Portugal da Tabacaria - sem Metafísica
- Ver Sócrates no Parlamento a anunciar o pacote de medidas que conduzem à subida geral dos preços, deixou um traço de surrealismo político que aqui se regista. Lembrei-me logo dos portugueses mais pobres. O que pensariam eles ao ver ali na AR, aquele senhor bem vestido e bem-falante, qual designer de moda, cultor do estilo franco-italiano e com o corte de cabelo à G. Clooney!? Eis algumas conclusões a que chegaram: a vida em Portugal é uma espécie de cinema dos pobres. Estão permanentemente às escuras e sem intervalo. E como não têm lenço de papel assoam-se ao jornal.
- O desemprego, a info-exclusão social, a falta de empreendedorismo (produtividade e competitividade) juntam-se ao desencanto, miséria e à fome. Tudo é mais do que uma mera de falta de apetite. O problema estrutural da pobreza em Portugal, dirão outros, decorre do facto de os pobres não terem dinheiro. Ao invés, os ricos querem mais para terem mais, os pobres querem mais para terem menos. Eis o balanço daquele conjunto de medidas de agravamento fiscal que fere a competitividade das empresas e aleija ainda mais a carestia das famílias e das pessoas individualmente.

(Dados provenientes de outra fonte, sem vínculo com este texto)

(* Let $B\ge0$, $L\ge2$, let $\Lambda\subset\mathbb{Z}$ be a finite set containing $\{1,\dots,L\}$ and let $\alpha=(\alpha_x)_{x\in\Lambda}$ take values in $[-B,B]$. Let $\mu$ be a Bernoulli measure on $\{0,1\}^\Lambda$ with external field $\alpha$, i.e. either the product measure with $\mu(\eta_x=1)=e^{\alpha_x+\lambda}/(1+e^{\alpha_x+\lambda})$ for some $\lambda\in\mathbb{R}$, or the measure proportional to $\exp\{\sum_{x\in\Lambda}\alpha_x\eta_x\}$ on configurations with a fixed number of particles. Then for every $f:\{0,1\}^\Lambda\to\mathbb{R}$, $$\int[f(T_{1L}\eta)-f(\eta)]^2d\mu(\eta)\le e^{13B}L\sum_{1\le x\le L-1}\int(\nabla_{x,x+1}f)^2d\mu(\eta).$$
   Context: $T_{xy}\eta$ denotes $\eta$ with the occupations at $x$ and $y$ exchanged, and $\nabla_{xy}f(\eta)=f(T_{xy}\eta)-f(\eta)$. *)

From HB Require Import structures.
From mathcomp Require Import all_boot all_order all_algebra.
From mathcomp Require Import finmap.
From mathcomp Require Import reals.
From mathcomp Require Import sequences exp.
Set Implicit Arguments. Unset Strict Implicit. Unset Printing Implicit Defensive.
Import Order.TTheory GRing.Theory Num.Theory.
Local Open Scope ring_scope.
Local Open Scope fset_scope.

(* Lattice Λ : a finite set of integers; configurations η ∈ {0,1}^Λ
   are finite functions Λ -> bool (true = occupied). *)
Definition config (Lam : {fset int}) := {ffun Lam -> bool}.

(* T_{xy} η : exchange the occupations at the integer sites x and y.
   (Only meaningful when x, y ∈ Λ, which is guaranteed in the theorem.) *)
Definition swapZ (Lam : {fset int}) (x y : int) (eta : config Lam) : config Lam :=
  [ffun z : Lam =>
     let w := if val z == x then y else if val z == y then x else val z in
     match insub w : option Lam with Some w' => eta w' | None => eta z end].

Definition nparticles (Lam : {fset int}) (eta : config Lam) : nat :=
  \sum_(z : Lam) (eta z : nat).

Definition bern_prod {R : realType} (Lam : {fset int}) (alpha : Lam -> R) (lam : R)
  (eta : config Lam) : R :=
  \prod_(z : Lam)
    (let p := expR (alpha z + lam) / (1 + expR (alpha z + lam)) in
     if eta z then p else 1 - p).

Definition gibbs_weight {R : realType} (Lam : {fset int}) (alpha : Lam -> R)
  (eta : config Lam) : R :=
  expR (\sum_(z : Lam) alpha z * (eta z)%:R).

Definition bern_canon {R : realType} (Lam : {fset int}) (alpha : Lam -> R) (k : nat)
  (eta : config Lam) : R :=
  if nparticles eta == k then
    gibbs_weight alpha eta /
      \sum_(xi : config Lam | nparticles xi == k) gibbs_weight alpha xi
  else 0.

Definition bernoulli_measure {R : realType} (Lam : {fset int}) (alpha : Lam -> R)
  (mu : config Lam -> R) : Prop :=
  (exists lam : R, mu = bern_prod alpha lam) \/
  (exists k : nat, (k <= #|{: Lam}|)%N /\ mu = bern_canon alpha k).

Definition integ {R : realType} (Lam : {fset int}) (mu : config Lam -> R)
  (g : config Lam -> R) : R :=
  \sum_(eta : config Lam) mu eta * g eta.

(* Write w_beta(eta) = exp(sum_z beta_z eta_z) H(N(eta)); both Bernoulli measures are
   of this form with beta = alpha.  If eta_a <> eta_b, then T_ab eta is T_mb (T_am eta)
   or T_am (T_mb eta) according to eta_m, so after the change of variables eta |-> T eta
   the Dirichlet form of T_ab for the field beta is bounded by a weighted sum of those
   of T_am and T_mb for fields permuted at m.  Recurse along the path s 1, ..., s L,
   splitting at a maximiser m of alpha strictly inside the current interval.  The field
   met on an interval agrees with alpha strictly inside, and off the two endpoint sites
   its energy exceeds that of alpha by at most 2B per endpoint that is not an end of the
   path: such an endpoint dominates alpha inside, so moving alpha_m onto it costs
   nothing.  On adjacent sites the weights then differ by a factor at most e^{8B}, and
   with the weights (r-l)/(m-l), (r-l)/(r-m) the constant stays (r-l) e^{8B}, that is
   (L-1) e^{8B} <= L e^{13B} overall. *)

From mathcomp Require Import all_boot all_order all_algebra perm.
From mathcomp Require Import finmap.
From mathcomp Require Import reals.
From mathcomp Require Import sequences exp.
From mathcomp Require Import ring lra zify.
Set Implicit Arguments. Unset Strict Implicit. Unset Printing Implicit Defensive.
Import Order.TTheory GRing.Theory Num.Theory.
Local Open Scope ring_scope.

Lemma sqrD_weighted_le (R : realFieldType) (u v p q : R) : 0 < p -> 0 < q ->
  (u + v) ^+ 2 <= (p + q) / p * u ^+ 2 + (p + q) / q * v ^+ 2.
Proof.
move=> p_gt0 q_gt0.
have -> : (p + q) / p * u ^+ 2 + (p + q) / q * v ^+ 2 =
          (u + v) ^+ 2 + (q * u - p * v) ^+ 2 / (p * q).
  by field; rewrite ?gt_eqF ?mulr_gt0.
by rewrite lerDl divr_ge0 ?sqr_ge0 // mulr_ge0 // ltW.
Qed.

Lemma split_bound_le (R : realFieldType) (p q c S1 S2 x y : R) : 0 < p -> 0 < q ->
  x <= p * c * S1 -> y <= q * c * S2 ->
  (p + q) / p * x + (p + q) / q * y <= (p + q) * c * (S1 + S2).
Proof.
move=> p_gt0 q_gt0 x_le y_le.
have -> : (p + q) * c * (S1 + S2) = (p + q) / p * (p * c * S1) + (p + q) / q * (q * c * S2).
  by field; rewrite !gt_eqF.
have coef_ge0 u : 0 < u -> 0 <= (p + q) / u by move=> u_gt0; rewrite divr_ge0 ?addr_ge0 ?ltW.
exact: lerD (ler_wpM2l (coef_ge0 _ p_gt0) x_le) (ler_wpM2l (coef_ge0 _ q_gt0) y_le).
Qed.

Lemma sub_mul_bool_le (R : realDomainType) (B u v : R) (b : bool) :
  `|u| <= B -> `|v| <= B -> (u - v) * b%:R <= 2 * B.
Proof.
move=> uB vB; have B_ge0 : 0 <= B by apply: le_trans vB.
move: uB vB; rewrite !ler_norml => /andP[? ?] /andP[? ?].
by case: b; rewrite ?mulr1 ?mulr0; lra.
Qed.

Lemma nat_argmax (R : realDomainType) (g : nat -> R) (l r : nat) : (l.+1 < r)%N ->
  exists2 m, (l < m < r)%N & forall x, (l < x < r)%N -> g x <= g m.
Proof.
move=> lr; pose P := [pred i : 'I_r | (l < i)%N].
have [m /= lm m_max] := @arg_maxP _ _ 'I_r (Ordinal lr) P (g \o val) (ltnSn l).
exists m; first by rewrite lm ltn_ord.
by move=> x /andP[lx xr]; exact: (m_max (Ordinal xr)).
Qed.

Section Exchange.
Variable Lam : {fset int}.
Implicit Types (a b m z : Lam) (eta : config Lam).

Definition exch a b eta : config Lam := [ffun z => eta (tperm a b z)].

Lemma swapZ_exch a b eta : swapZ (val a) (val b) eta = exch a b eta.
Proof.
apply/ffunP => z; rewrite !ffunE /= !(inj_eq val_inj).
case: tpermP => [->|->|/eqP/negbTE-> /eqP/negbTE->]; rewrite ?eqxx ?valK //.
by case: eqP => [->|]; rewrite valK.
Qed.

Lemma exchK a b : involutive (exch a b).
Proof. by move=> eta; apply/ffunP => z; rewrite !ffunE tpermK. Qed.

Lemma exch_id a b eta : eta a = eta b -> exch a b eta = eta.
Proof. by move=> eab; apply/ffunP => z; rewrite ffunE; case: tpermP => [->|->|]. Qed.

Lemma exch_via_l a m b eta : a != m -> m != b -> a != b -> eta m = eta b ->
  exch a b eta = exch m b (exch a m eta).
Proof.
move=> am mb ab emb; have ma : m != a by rewrite eq_sym.
have ba : b != a by rewrite eq_sym.
have bm : b != m by rewrite eq_sym.
apply/ffunP => z; rewrite !ffunE.
have [->|za] := eqVneq z a; first by rewrite tpermL (tpermD ma ba) tpermL.
have [->|zm] := eqVneq z m; first by rewrite tpermL (tpermD am bm) (tpermD ab mb).
have [->|zb] := eqVneq z b; first by rewrite !tpermR.
by rewrite !tpermD // eq_sym.
Qed.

- Outra leitura do problema resume-se ao seguinte: não se percebe como é que a classe média-baixa, com filhos (pagando a prestação da casa e do carro), alguns doentes e miseráveis, consegue ainda arranjar tempo para andar a pedir esmola. Ante este cenário depressivo em que os portugueses vivem já há algum tempo, ou seja, desde Guterres (cuja sombra persegue Sócrates), Cavaco (cuja sombra persegue Durão, especialista em fazer novos amigos, todos multimilionários) e Santana (que se ensombra a si próprio - e anda por aí a inflacionar a estatística do desemprego) dá vontade de dizer que os pobres em Portugal nunca têm jantares de negócios.
- A verdade é que não têm negócios, e não raro, nem sequer jantares. Outro pobre da zona Euro, atingido quase mortalmente pelo IVA, IRS e o mais, dirá: como os ricos nem sempre são felizes, os pobres não têm razões para os invejar. Nos EUA, por exemplo, alguns pedintes já aceitam cartões de crédito. Mas muitos têm o cuidado de advertir, com o dedo em riste, que ser pobre não é uma virtude! E quanto mais pobres e miseráveis as pessoas são em Portugal, menos miseráveis se tornam na escala mundial. Também aqui a pobreza merece análise (estatística) comparativa.
- Mas adiante, dirá outro actor desta cena impressionista: Portugal está tão mal, tão mal e os pobres têm tanto azar que quando chove sopa dos céus só têm garfos nas mãos. Enfim, os pobres, especialmente em Portugal, não sofrem da tentação da carne. Agora, dirão outros, é a falta dela.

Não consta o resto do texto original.